**Activity:**
Nothing is needed except the lines below that run from the one with "by rewrite -hf hg; apply: optA." through the one with "move=> uM eD.", repeated exactly.
Source records section start
(* Let $D_1,\dots,D_n\in\mathbb{R}^{d\times m}$ be datum shapes with $\tilde{D}_i=\begin{bmatrix}D_i\\ \mathbf{1}^{\top}\end{bmatrix}$ such that each $\tilde{D}_i\tilde{D}_i^{\top}$ is invertible, and let $\mathcal{Q}_{I}=\sum_{i=1}^n\tilde{D}_i^{\top}(\tilde{D}_i\tilde{D}_i^{\top})^{-1}\tilde{D}_i$. Fix a diagonal matrix $\Lambda\in\mathbb{R}^{d\times d}$ and consider problem (I): $$\min_{\tilde{A}_1,\dots,\tilde{A}_n\in\mathbb{R}^{d\times(d+1)},\,S\in\mathbb{R}^{d\times m}}\ \sum_{i=1}^n\|\tilde{A}_i\tilde{D}_i-S\|_F^2\quad\text{s.t.}\quad SS^{\top}=\Lambda,\ S\mathbf{1}=0.$$ If each $D_i$ is replaced by $D_i'=R_iD_i+t_i\mathbf{1}^{\top}$ for arbitrary (possibly distinct) rotations $R_i\in\mathbb{R}^{d\times d}$ and translations $t_i\in\mathbb{R}^d$, then the matrix $\mathcal{Q}_I$ is unchanged, and so is the optimal reference shape $S$ of problem (I) (the set of $S$-components of optimal solutions is the same for the original and the transformed datum shapes).
   Context: $\mathbf{1}\in\mathbb{R}^m$ denotes the all-ones vector and $\|\cdot\|_F$ the Frobenius norm. *)

From HB Require Import structures.
From mathcomp Require Import all_boot all_order all_algebra.
From mathcomp Require Import reals.
Set Implicit Arguments. Unset Strict Implicit. Unset Printing Implicit Defensive.
Import Order.TTheory GRing.Theory Num.Theory.
Local Open Scope ring_scope.

Section Defs.
Variable R : realType.

Definition ones (m : nat) : 'cV[R]_m := const_mx 1.

Definition Dtilde (d m : nat) (D : 'M[R]_(d, m)) : 'M[R]_(d + 1, m) :=
  col_mx D (ones m)^T.

Definition QI (n d m : nat) (D : 'I_n -> 'M[R]_(d, m)) : 'M[R]_m :=
  \sum_(i < n) ((Dtilde (D i))^T *m invmx (Dtilde (D i) *m (Dtilde (D i))^T)
                 *m Dtilde (D i)).

Definition frob2 (p q : nat) (A : 'M[R]_(p, q)) : R :=
  \sum_(i < p) \sum_(j < q) A i j ^+ 2.

Definition objI (n d m : nat) (D : 'I_n -> 'M[R]_(d, m))
  (A : 'I_n -> 'M[R]_(d, d + 1)) (S : 'M[R]_(d, m)) : R :=
  \sum_(i < n) frob2 (A i *m Dtilde (D i) - S).

Definition feasI (d m : nat) (Lam : 'M[R]_d) (S : 'M[R]_(d, m)) : Prop :=
  S *m S^T = Lam /\ S *m ones m = 0.

Definition optimalI (n d m : nat) (D : 'I_n -> 'M[R]_(d, m)) (Lam : 'M[R]_d)
  (A : 'I_n -> 'M[R]_(d, d + 1)) (S : 'M[R]_(d, m)) : Prop :=
  feasI Lam S /\
  forall (A' : 'I_n -> 'M[R]_(d, d + 1)) (S' : 'M[R]_(d, m)),
    feasI Lam S' -> objI D A S <= objI D A' S'.

Definition optimal_shapeI (n d m : nat) (D : 'I_n -> 'M[R]_(d, m))
  (Lam : 'M[R]_d) (S : 'M[R]_(d, m)) : Prop :=
  exists A : 'I_n -> 'M[R]_(d, d + 1), optimalI D Lam A S.

Definition rotation (d : nat) (Q : 'M[R]_d) : Prop :=
  Q^T *m Q = 1%:M /\ \det Q = 1.

End Defs.

(* An affine change D' = Q D + t 1^T of a datum shape acts on its homogeneous
   coordinates by left multiplication with the invertible matrix
   M = [[Q, t], [0, 1]]: D~' = M D~.  Each summand of Q_I is the orthogonal
   projector onto the row space of D~_i, which invertible left factors do not
   change.  In problem (I) the unknown A_i only enters through A_i D~_i, and
   A_i |-> A_i M_i is a bijection, so both problems have the same objective
   values for each S and therefore the same optimal reference shapes. *)
From HB Require Import structures.
From mathcomp Require Import all_boot all_order all_algebra.
From mathcomp Require Import reals.
Set Implicit Arguments.
Unset Strict Implicit.
Unset Printing Implicit Defensive.

Import Order.TTheory GRing.Theory Num.Theory.
Local Open Scope ring_scope.

Section RowProjector.
Variable R : comUnitRingType.

Lemma invmxM (k : nat) (A B : 'M[R]_k) :
  A \in unitmx -> B \in unitmx -> invmx (A *m B) = invmx B *m invmx A.
Proof.
move=> uA uB.
have uAB : A *m B \in unitmx by rewrite unitmx_mul uA uB.
have invAB : invmx B *m invmx A *m (A *m B) = 1%:M.
  by rewrite mulmxA -(mulmxA (invmx B)) mulVmx // mulmx1 mulVmx.
by rewrite -[invmx (A *m B)]mul1mx -invAB -mulmxA mulmxV // mulmx1.
Qed.

Definition rowproj (k m : nat) (X : 'M[R]_(k, m)) : 'M[R]_m :=
  X^T *m invmx (X *m X^T) *m X.

Lemma rowproj_mull (k m : nat) (M : 'M[R]_k) (X : 'M[R]_(k, m)) :
  M \in unitmx -> X *m X^T \in unitmx -> rowproj (M *m X) = rowproj X.
Proof.
move=> uM uX; rewrite /rowproj.
have uMT : M^T \in unitmx by rewrite unitmx_tr.
have uXMT : X *m X^T *m M^T \in unitmx by rewrite unitmx_mul uX uMT.
rewrite !trmx_mul !mulmxA -[M *m X *m X^T](mulmxA M) -(mulmxA M).
rewrite invmxM // invmxM // -!mulmxA; congr (_ *m _).
by rewrite (mulKVmx uMT) (mulKmx uM).
Qed.

End RowProjector.

Section ProblemI.
Variables (R : realType) (n d m : nat).
Implicit Types (D : 'I_n -> 'M[R]_(d, m)) (M : 'I_n -> 'M[R]_(d + 1)).

Lemma QIE D : QI D = \sum_(i < n) rowproj (Dtilde (D i)).
Proof. by []. Qed.

Lemma QI_mull D D' M :
  (forall i, M i \in unitmx) ->
  (forall i, Dtilde (D i) *m (Dtilde (D i))^T \in unitmx) ->
  (forall i, Dtilde (D' i) = M i *m Dtilde (D i)) ->
  QI D' = QI D.
Proof.
move=> uM uD eD; rewrite !QIE.
by apply: eq_bigr => i _; rewrite eD rowproj_mull.
Qed.

Lemma objI_mull D D' M A S :
  (forall i, Dtilde (D' i) = M i *m Dtilde (D i)) ->
  objI D' A S = objI D (fun i => A i *m M i) S.
Proof. by move=> eD; apply: eq_bigr => i _; rewrite eD mulmxA. Qed.

Lemma optimal_shapeI_reparam D1 D2 Lam
    (f : ('I_n -> 'M[R]_(d, d + 1)) -> 'I_n -> 'M[R]_(d, d + 1))
    (g : ('I_n -> 'M[R]_(d, d + 1)) -> 'I_n -> 'M[R]_(d, d + 1)) S :
  (forall A S, objI D1 A S = objI D2 (f A) S) ->
  (forall A S, objI D2 A S = objI D1 (g A) S) ->
  optimal_shapeI D1 Lam S -> optimal_shapeI D2 Lam S.
Proof.
move=> hf hg [A [feasS optA]]; exists (f A); split => // A' S' feasS'.
by rewrite -hf hg; apply: optA.
Qed.

Lemma optimal_shapeI_mull D D' M Lam S :
  (forall i, M i \in unitmx) ->
  (forall i, Dtilde (D' i) = M i *m Dtilde (D i)) ->
  optimal_shapeI D' Lam S <-> optimal_shapeI D Lam S.
Proof.
move=> uM eD.
have eD' i : Dtilde (D i) = invmx (M i) *m Dtilde (D' i) by rewrite eD mulKmx.
split; apply: optimal_shapeI_reparam => A S'.
- exact: objI_mull eD.
- exact: objI_mull eD'.
- exact: objI_mull eD'.
- exact: objI_mull eD.
Qed.

End ProblemI.

Section AffineAction.
Variables (R : realType) (d : nat).

Definition affine_mx (Q : 'M[R]_d) (t : 'cV[R]_d) : 'M[R]_(d + 1) :=
  block_mx Q t 0 1%:M.

Lemma Dtilde_affine m (Q : 'M[R]_d) (t : 'cV[R]_d) (D : 'M[R]_(d, m)) :
  Dtilde (Q *m D + t *m (ones R m)^T) = affine_mx Q t *m Dtilde D.
Proof. by rewrite /Dtilde /affine_mx mul_block_col mul0mx add0r mul1mx. Qed.

Lemma affine_mx_unitmx (Q : 'M[R]_d) (t : 'cV[R]_d) :
  (affine_mx Q t \in unitmx) = (Q \in unitmx).
Proof. by rewrite !unitmxE det_ublock det1 mulr1. Qed.

Lemma rotation_unitmx (Q : 'M[R]_d) : rotation Q -> Q \in unitmx.
Proof. by case=> _ detQ; rewrite unitmxE detQ unitr1. Qed.

End AffineAction.

Theorem proposition2 (R : realType) (n d m : nat)
  (D : 'I_n -> 'M[R]_(d, m)) (Rot : 'I_n -> 'M[R]_d) (t : 'I_n -> 'cV[R]_d)
  (lam : 'rV[R]_d) :
  (forall i, Dtilde (D i) *m (Dtilde (D i))^T \in unitmx) ->
  (forall i, rotation (Rot i)) ->
  let D' := fun i => Rot i *m D i + t i *m (ones R m)^T in
  QI D' = QI D /\
  (forall S : 'M[R]_(d, m),
     optimal_shapeI D' (diag_mx lam) S <-> optimal_shapeI D (diag_mx lam) S).
Proof.
move=> uD rotR D'.
pose M i := affine_mx (Rot i) (t i).
have uM i : M i \in unitmx by rewrite affine_mx_unitmx rotation_unitmx.
have eD i : Dtilde (D' i) = M i *m Dtilde (D i) by exact: Dtilde_affine.
split; first exact: QI_mull uM uD eD.
by move=> S; apply: optimal_shapeI_mull uM eD.
Qed.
Source records section end
**Response to this exercise:**
by rewrite -hf hg; apply: optA.
Qed.

Lemma optimal_shapeI_mull D D' M Lam S :
  (forall i, M i \in unitmx) ->
  (forall i, Dtilde (D' i) = M i *m Dtilde (D i)) ->
  optimal_shapeI D' Lam S <-> optimal_shapeI D Lam S.
Proof.
move=> uM eD.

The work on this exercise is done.